Then again, Clint Eastwood never made a movie quite like this. Released December 9, director Ang Lee's moving film concerns lovers Ennis Del Mar (Heath Ledger) and Jack Twist (Jake Gyllenhall), who discover their feelings while tending sheep on "Brokeback Mountain." When they return to their small-town lives, the mountain becomes a metaphor for a better world, one where they can be themselves--and be together.


It's certainly one of the most physically beautiful metaphors you'll ever see. The Brokeback Mountain scenes were filmed in Kananaskis Country, provincial parkland in the Rockies (search "Kananaskis Country" at travelalberta.com). Location manager Darryl Solly says his team chose the Upper Kananaskis Lakes campground and day-use areas such as Mud Lake and King Creek. As the movie proves, it's an area perfect for exploring via horse. To find a stable that leads rides, check out ranchcanadianrockies.com.

The crew stayed in the ski town of Canmore. "You fly into Calgary," says Solly, "and then it's only a 45-minute drive." Canmore has the services you'd expect--though it's still wild. "The Marriott is a good place to stay," Solly advises. "It's the most remote from the town but closest to the park." Summer rates for the Residence Inn by Marriott start at $129 (800/331-3131, marriott.com).
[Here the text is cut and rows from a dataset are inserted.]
Lemma inf_nonneg_spec (E : R -> Prop) :
  (exists v, E v) -> (forall v, E v -> 0 <= v) -> is_inf E (inf_nonneg E).
Proof.
  intros [v0 Hv0] Hpos. unfold inf_nonneg. apply epsilon_spec.
  destruct (completeness (fun r => E (- r))) as [m [M1 M2]].
  - exists 0. intros r Hr. specialize (Hpos _ Hr). lra.
  - exists (- v0). rewrite Ropp_involutive; auto.
  - exists (- m). split.
    + intros v Ev. assert (- v <= m) by (apply M1; rewrite Ropp_involutive; auto). lra.
    + intros w Hw. assert (m <= - w) by (apply M2; intros r Hr; specialize (Hw _ Hr); lra).
      lra.
Qed.

Section Gauge.
Variable A : X -> Prop.
Hypothesis A_ball : forall y, A y -> vnorm y <= 1.
Variable K : R.
Hypothesis K_pos : 0 < K.

Definition gauge_values (z : X) (v : R) : Prop :=
  exists lam w, wcomb A lam w /\ v = lam + K * vnorm (vadd z (vscal (-1) w)).

(** [gauge z = inf { lam + K ||z - w|| : w a combination of weight lam of A }]:
    the inf-convolution of the Minkowski functional of [conv A] with [K] times
    the norm.  It is sublinear, at most [K] times the norm and at most 1 on [A],
    but large at points far from [conv A]. *)
Definition gauge (z : X) : R := inf_nonneg (gauge_values z).

Lemma gauge_values_nonneg (z : X) (v : R) : gauge_values z v -> 0 <= v.
Proof.
  intros [lam [w [Hw ->]]]. pose proof (wcomb_nonneg _ _ _ Hw).
  pose proof (vnorm_nonneg (vadd z (vscal (-1) w))). nra.
Qed.

Lemma gauge_is_inf (z : X) : is_inf (gauge_values z) (gauge z).
Proof.
  apply inf_nonneg_spec; [|apply gauge_values_nonneg].
  exists (0 + K * vnorm (vadd z (vscal (-1) vzero))), 0, vzero.
  split; [apply wcomb_zero|reflexivity].
Qed.

Lemma gauge_le (z : X) (lam : R) (w : X) :
  wcomb A lam w -> gauge z <= lam + K * vnorm (vadd z (vscal (-1) w)).
Proof. intro Hw. apply (proj1 (gauge_is_inf z)). exists lam, w; auto. Qed.

Lemma gauge_ge (z : X) (m : R) :
  (forall lam w, wcomb A lam w -> m <= lam + K * vnorm (vadd z (vscal (-1) w))) ->
  m <= gauge z.
Proof. intro H. apply (proj2 (gauge_is_inf z)). intros v [lam [w [Hw ->]]]; auto. Qed.

Lemma gauge_nonneg (z : X) : 0 <= gauge z.
Proof. apply gauge_ge. intros lam w Hw. apply (gauge_values_nonneg z). exists lam, w; auto. Qed.

Lemma gauge_le_norm (z : X) : gauge z <= K * vnorm z.
Proof.
  pose proof (gauge_le z 0 vzero (wcomb_zero A)) as G.
  rewrite vscal_zero, vadd_0 in G. lra.
Qed.

Lemma gauge_le_one (y : X) : A y -> gauge y <= 1.
Proof.
  intro Hy. pose proof (gauge_le y 1 _ (wcomb_single A 1 y ltac:(lra) Hy)) as G.
  rewrite vscal_1, vsub_self, vnorm_zero in G. lra.
Qed.

Lemma gauge_scal_le (t : R) (z : X) : 0 < t -> gauge (vscal t z) <= t * gauge z.
Proof.
  intro Ht.
  assert (H : / t * gauge (vscal t z) <= gauge z).
  { apply gauge_ge. intros lam w Hw.
    pose proof (gauge_le (vscal t z) _ _ (wcomb_scal A t lam w (Rlt_le _ _ Ht) Hw)) as G.
    rewrite vsub_vscal, vnorm_scal, Rabs_pos_eq in G by lra.
    apply (Rmult_le_reg_l t); auto. rewrite <- Rmult_assoc, Rinv_r, Rmult_1_l by lra.
    eapply Rle_trans; [exact G|right; ring]. }
  apply (Rmult_le_compat_l t) in H; [|lra].
  rewrite <- Rmult_assoc, Rinv_r, Rmult_1_l in H by lra. exact H.
Qed.

Lemma gauge_sublinear : sublinear gauge.
Proof.
  split.
  - intros z1 z2.
    assert (gauge (vadd z1 z2) - gauge z1 <= gauge z2); [|lra].
    apply gauge_ge. intros l2 w2 H2.
    assert (gauge (vadd z1 z2) - (l2 + K * vnorm (vadd z2 (vscal (-1) w2))) <= gauge z1);
      [|lra].
    apply gauge_ge. intros l1 w1 H1.
    pose proof (gauge_le (vadd z1 z2) _ _ (wcomb_add A _ _ _ _ H1 H2)) as G.
    rewrite vsub_vadd in G.
    pose proof (Rmult_le_compat_l K _ _ (Rlt_le _ _ K_pos)
                  (vnorm_triangle (vadd z1 (vscal (-1) w1)) (vadd z2 (vscal (-1) w2)))).
    lra.
  - intros t z Ht. apply Rle_antisym; [apply gauge_scal_le; auto|].
    pose proof (gauge_scal_le (/ t) (vscal t z) (Rinv_0_lt_compat _ Ht)) as H.
    rewrite vscal_assoc, Rinv_l, vscal_1 in H by lra.
    apply (Rmult_le_compat_l t) in H; [|lra].
    rewrite <- Rmult_assoc, Rinv_r, Rmult_1_l in H by lra. exact H.
Qed.

(** A combination of weight at most 1 of a symmetric pair in [A] can be padded
    into a convex combination. *)
Lemma wcomb_pad (y0 : X) (lam : R) (w : X) :
  A y0 -> A (vscal (-1) y0) -> lam <= 1 -> wcomb A lam w -> conv A w.
Proof.
  intros Hy0 Hy0' Hlam Hw. set (h := (1 - lam) / 2).
  assert (Hh : 0 <= h) by (unfold h; lra).
  assert (Pad : wcomb A (h + h) vzero).
  { replace vzero with (vadd (vscal h y0) (vscal h (vscal (-1) y0))).
    - apply wcomb_add; apply wcomb_single; auto.
    - rewrite vscal_assoc, <- vscal_distr_s. replace (h + h * -1) with 0 by ring.
      apply vscal_0. }
  apply conv_wcomb. replace 1 with (lam + (h + h)) by (unfold h; field).
  rewrite <- (vadd_0 w). apply wcomb_add; auto.
Qed.

Lemma wcomb_normalize (lam : R) (w : X) :
  0 < lam -> wcomb A lam w -> conv A (vscal (/ lam) w).
Proof.
  intros Hlam Hw. apply conv_wcomb. replace 1 with (/ lam * lam) by (field; lra).
  apply wcomb_scal; auto. left; apply Rinv_0_lt_compat; auto.
Qed.

Lemma gauge_far (y0 u : X) (e : R) :
  A y0 -> A (vscal (-1) y0) -> 0 < e <= 1 -> K * e = 2 ->
  (forall y, conv A y -> e <= vnorm (vadd u (vscal (-1) y))) ->
  1 + e / 2 <= gauge u.
Proof.
  intros Hy0 Hy0' He HKe Hsep. apply gauge_ge. intros lam w Hw.
  set (d := vnorm (vadd u (vscal (-1) w))).
  assert (Hd : 0 <= K * d) by (apply Rmult_le_pos; [lra|apply vnorm_nonneg]).
  destruct (Rle_lt_dec (1 + e / 2) lam) as [H1|H1]; [lra|].
  destruct (Rle_lt_dec lam 1) as [H2|H2].
  - pose proof (Hsep w (wcomb_pad y0 lam w Hy0 Hy0' H2 Hw)). fold d in H.
    pose proof (Rmult_le_compat_l K _ _ (Rlt_le _ _ K_pos) H).
    pose proof (wcomb_nonneg _ _ _ Hw). lra.
  - pose proof (Hsep _ (wcomb_normalize lam w ltac:(lra) Hw)) as Hs.
    pose proof (vdist_tri u w (vscal (/ lam) w)) as Ht.
    assert (Hil : / lam < 1).
    { rewrite <- Rinv_1. apply Rinv_lt_contravar; lra. }
    assert (Ew : vnorm (vadd w (vscal (-1) (vscal (/ lam) w))) = (1 - / lam) * vnorm w).
    { rewrite vscal_assoc, <- (vscal_1 w) at 1. rewrite <- vscal_distr_s, vnorm_scal.
      rewrite Rabs_pos_eq by lra. f_equal; ring. }
    pose proof (wcomb_norm A 1 lam w A_ball Hw) as Nw.
    assert ((1 - / lam) * vnorm w <= (1 - / lam) * lam)
      by (apply Rmult_le_compat_l; lra).
    assert ((1 - / lam) * lam = lam - 1) by (field; lra).
    assert (e / 2 <= d) by (fold d in Ht; lra).
    pose proof (Rmult_le_compat_l K _ _ (Rlt_le _ _ K_pos) H3). lra.
Qed.

End Gauge.

Lemma line_graph_dominated (p : X -> R) (u : X) :
  sublinear p -> (forall z, 0 <= p z) -> u <> vzero ->
  dominated p (fun z c => exists t, z = vscal t u /\ c = t * p u).
Proof.
  intros [_ Phom] Hpos Hu. split; [split; [|split; [|split]]|].
  - intros z c c' [t1 [-> ->]] [t2 [E ->]].
    assert (D : vnorm (vadd (vscal t1 u) (vscal (-1) (vscal t2 u))) = 0)
      by (rewrite E, vsub_self; apply vnorm_zero).
    rewrite vscal_assoc, <- vscal_distr_s, vnorm_scal in D.
    assert (Nu : vnorm u <> 0) by (intro N; apply Hu, vnorm_eq0, N).
    destruct (Rmult_integral _ _ D) as [Z|Z]; [|contradiction].
    replace t2 with t1; [reflexivity|].
    destruct (Req_dec (t1 + -1 * t2) 0) as [Z'|Z']; [lra|].
    apply Rabs_no_R0 in Z'; contradiction.
  - exists 0. rewrite vscal_0. split; [reflexivity|ring].
  - intros z y a c [t1 [-> ->]] [t2 [-> ->]]. exists (t1 + t2).
    rewrite vscal_distr_s. split; [reflexivity|ring].
  - intros s z a [t [-> ->]]. exists (s * t). rewrite vscal_assoc. split; [reflexivity|ring].
  - intros z a [t [-> ->]]. destruct (Rtotal_order t 0) as [H|[->|H]].
    + pose proof (Hpos (vscal t u)). pose proof (Hpos u). nra.
    + pose proof (Hpos (vscal 0 u)). lra.
    + rewrite Phom by auto. lra.
Qed.

Lemma dual_of_bounded (F : X -> R) (K : R) :
  (forall x y, F (vadd x y) = F x + F y) -> (forall a x, F (vscal a x) = a * F x) ->
  (forall x, F x <= K * vnorm x) -> is_dual_elt F.
Proof.
  intros F1 F2 FK. split; [|split]; auto. exists K. intro z. apply Rabs_le. split.
  - pose proof (FK (vscal (-1) z)) as H. rewrite F2, vnorm_opp1 in H. lra.
  - apply FK.
Qed.

Theorem separation (A : X -> Prop) (y0 u : X) :
  (forall y, A y -> vnorm y <= 1) -> A y0 -> A (vscal (-1) y0) ->
  ~ closure (conv A) u ->
  exists F, is_dual_elt F /\ 1 < F u /\ forall y, A y -> F y <= 1.
Proof.
  intros HA Hy0 Hy0' Hn.
  assert (Hfar : exists eps, eps > 0 /\
            forall y, conv A y -> eps <= vnorm (vadd u (vscal (-1) y))).
  { apply NNPP; intro H. apply Hn. intros eps Heps. apply NNPP; intro H2. apply H.
    exists eps; split; auto. intros y Hy. apply Rnot_lt_le. intro Hl. apply H2.
    exists y; split; auto. rewrite vsub_scal; auto. }
  destruct Hfar as [eps [Heps Hsep]].
  set (e := Rmin eps 1).
  assert (He : 0 < e <= 1) by (unfold e; split; [apply Rmin_glb_lt|apply Rmin_r]; lra).
  assert (Hsep' : forall y, conv A y -> e <= vnorm (vadd u (vscal (-1) y)))
    by (intros y Hy; eapply Rle_trans; [apply Rmin_l|apply Hsep; auto]).
  set (K := 2 / e). assert (HK : 0 < K) by (unfold K; apply Rdiv_lt_0_compat; lra).
  set (p := gauge A K).
  assert (Hpu : 1 < p u).
  { pose proof (gauge_far A HA K HK y0 u e Hy0 Hy0' He ltac:(unfold K; field; lra) Hsep').
    fold p in H. lra. }
  assert (Hu : u <> vzero).
  { intros ->. pose proof (gauge_le_norm A K HK vzero). rewrite vnorm_zero in H. fold p in H. lra. }
  destruct (hahn_banach p _ (gauge_sublinear A K HK)
              (line_graph_dominated p u (gauge_sublinear A K HK) (gauge_nonneg A K HK) Hu))
    as [F [F1 [F2 [F3 F4]]]].
  exists F. split; [|split].
  - apply (dual_of_bounded F K); auto. intro z. eapply Rle_trans; [apply F3|apply gauge_le_norm; auto].
  - rewrite (F4 u (p u)); auto. exists 1. rewrite vscal_1. split; [reflexivity|ring].
  - intros y Hy. eapply Rle_trans; [apply F3|apply gauge_le_one; auto].
Qed.

End Separation.

Section BigPoints.
Context {X : NormedSpace}.

Lemma closed_conv_orbit_ball (x z : X) : S_X x -> closed_conv (orbit x) z -> B_X z.
Proof.
  intros Hx Hz. unfold B_X. apply Rnot_lt_le; intro H.
  destruct (Hz (vnorm z - 1) ltac:(lra)) as [y [Hy Hd]].
  assert (By : B_X y).
  { apply (conv_ball (orbit x)); auto. intros w Hw. unfold B_X.
    rewrite (orbit_norm _ _ Hw). unfold S_X in Hx; lra. }
  unfold B_X in By. rewrite vsub_scal in Hd. pose proof (vnorm_rev z y). lra.
Qed.

(** A big point [u] is norming for the sphere: for [x] in [S_X],
    [sup_T ||x + T u|| = 2].  Otherwise [x + y] would have norm at most
    [2 - eps] for every [y] in the convex hull of the orbit of [u], in
    particular for [y] close to [x]. *)
Lemma big_point_norming (x u : X) : S_X x -> big_point u ->
  forall eps, 0 < eps -> exists T, in_GX T /\ 2 - eps < vnorm (vadd x (T u)).
Proof.
  intros Hx [Hu Hb] eps Heps.
  assert (Bx : B_X x) by (unfold B_X, S_X in *; lra).
  destruct (proj2 (Hb x) Bx eps Heps) as [y [Hy Hd]].
  apply NNPP; intro Hn.
  assert (Hall : forall T, in_GX T -> vnorm (vadd x (T u)) <= 2 - eps).
  { intros T HT. apply Rnot_lt_le; intro H. apply Hn; exists T; split; auto. }
  assert (Hxy : vnorm (vadd x y) <= 2 - eps).
  { pose proof (wcomb_shift (orbit u) x 1 y Hy) as Hs. rewrite vscal_1 in Hs.
    rewrite <- (Rmult_1_l (2 - eps)).
    refine (wcomb_norm _ (2 - eps) 1 _ _ Hs).
    intros z [y' [[T [HT ->]] ->]]. auto. }
  assert (E : vadd (vadd x y) (vadd x (vscal (-1) y)) = vscal 2 x).
  { rewrite vadd_shuffle, vsub_self, vadd_0.
    replace 2 with (1 + 1) by ring. rewrite vscal_distr_s, vscal_1; reflexivity. }
  pose proof (vnorm_triangle (vadd x y) (vadd x (vscal (-1) y))) as Ht.
  rewrite E, vnorm_scal, Hx, Rabs_pos_eq in Ht by lra.
  rewrite vsub_scal in Hd. lra.
Qed.

Lemma cv_from_below (a : nat -> R) (l : R) :
  (forall n, l - / (INR n + 1) < a n <= l) -> Un_cv a l.
Proof.
  intros Ha eps Heps. destruct (archimed_cor1 eps Heps) as [N [HN1 HN2]].
  exists N. intros n Hn. unfold R_dist. destruct (Ha n) as [A1 A2].
  assert (/ (INR n + 1) <= / INR N).
  { apply Rinv_le_contravar; [apply lt_0_INR; auto|]. apply le_INR in Hn. lra. }
  rewrite Rabs_left1 by lra. lra.
Qed.

(** In an omega-LUR space, [u] is a weak limit of points of the orbit of any
    [x] in the sphere: if [||x + T_n u|| -> 2] then [||u + T_n^-1 x|| -> 2]. *)
Lemma orbit_weak_approx (x u : X) : omega_LUR X -> S_X x -> big_point u ->
  exists S : nat -> X -> X, (forall n, in_GX (S n)) /\ weak_cv (fun n => S n x) u.
Proof.
  intros Hw Hx Hbig.
  assert (Hpos : forall n, 0 < / (INR n + 1))
    by (intro n; apply Rinv_0_lt_compat; pose proof (pos_INR n); lra).
  destruct (choice (fun n T => in_GX T /\ 2 - / (INR n + 1) < vnorm (vadd x (T u)))
              (fun n => big_point_norming x u Hx Hbig _ (Hpos n))) as [T HT].
  destruct (choice (fun n S => in_GX S /\ forall z, T n (S z) = z)
              (fun n => GX_inv (T n) (proj1 (HT n)))) as [S HS].
  exists S. split; [intro n; apply HS|].
  apply Hw; [apply (proj1 Hbig)| |].
  - intro n. unfold B_X. destruct (HS n) as [[_ [N _]] _]. rewrite N. unfold S_X in Hx; lra.
  - apply cv_from_below. intro n.
    destruct (HT n) as [[[L _] [N _]] Hn].
    assert (E : vnorm (vadd u (S n x)) = vnorm (vadd x (T n u)))
      by (rewrite <- N, L, (proj2 (HS n)), vadd_comm; reflexivity).
    rewrite E. split; auto.
    eapply Rle_trans; [apply vnorm_triangle|]. rewrite N.
    pose proof (proj1 Hbig). unfold S_X in *; lra.
Qed.

(** Hence [u] lies in the norm-closed convex hull of the orbit of [x]: a
    functional separating [u] from that hull would contradict weak convergence. *)
Lemma big_point_in_hull (x u : X) : omega_LUR X -> S_X x -> big_point u ->
  closure (conv (orbit x)) u.
Proof.
  intros Hw Hx Hbig. apply NNPP; intro Hn.
  destruct (separation (orbit x) x u) as [F [HF [Fu Fy]]]; auto.
  - intros y Hy. rewrite (orbit_norm _ _ Hy). unfold S_X in Hx; lra.
  - apply orbit_self.
  - apply (orbit_GX x x _ GX_neg), orbit_self.
  - destruct (orbit_weak_approx x u Hw Hx Hbig) as [S [HS Hwc]].
    destruct (Hwc F HF (F u - 1) ltac:(lra)) as [N HN].
    specialize (HN N (le_n N)). unfold R_dist in HN.
    assert (F (S N x) <= 1) by (apply Fy; exists (S N); split; auto).
    rewrite Rabs_left1 in HN by lra. lra.
Qed.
Solly also recommends the Delta Lodge at Kananaskis. "You wake up and there are deer and elk and moose outside minding their own business. People always ask how the animals are kept so tame." The Delta Lodge's bed-and-breakfast packages start at $145 (403/591-7711, deltahotels.com). 

The town scenes were a challenge for Solly: "There's an economic disparity between Alberta now"--where oil has brought a fair amount of prosperity to small towns--"and Wyoming in the '60s and '70s." So the production cherry-picked from among eight different locations. One they featured quite a bit was Fort Macleod, 90 minutes south of Calgary. "It's a gorgeous place," says Tina Alford. "A stereotypical prairie town with two streets, sandstone buildings, and a great old-time hotel called the Queens Hotel." Rates at the Queens Hotel start at just $38 (403/553-4343).

3. Memoirs of a Geisha

Inside the secretive city of Kyoto, there's an even more secretive society  

The geisha in question is Sayuri (Ziyi Zhang). As a young girl, she's abruptly removed from her fishing village in Hokkaido and sold to a geisha house in Kyoto. The crux of the story is her training in, and mastering of, the arts of the geisha, under the tutelage of Mameha (Michelle Yeoh).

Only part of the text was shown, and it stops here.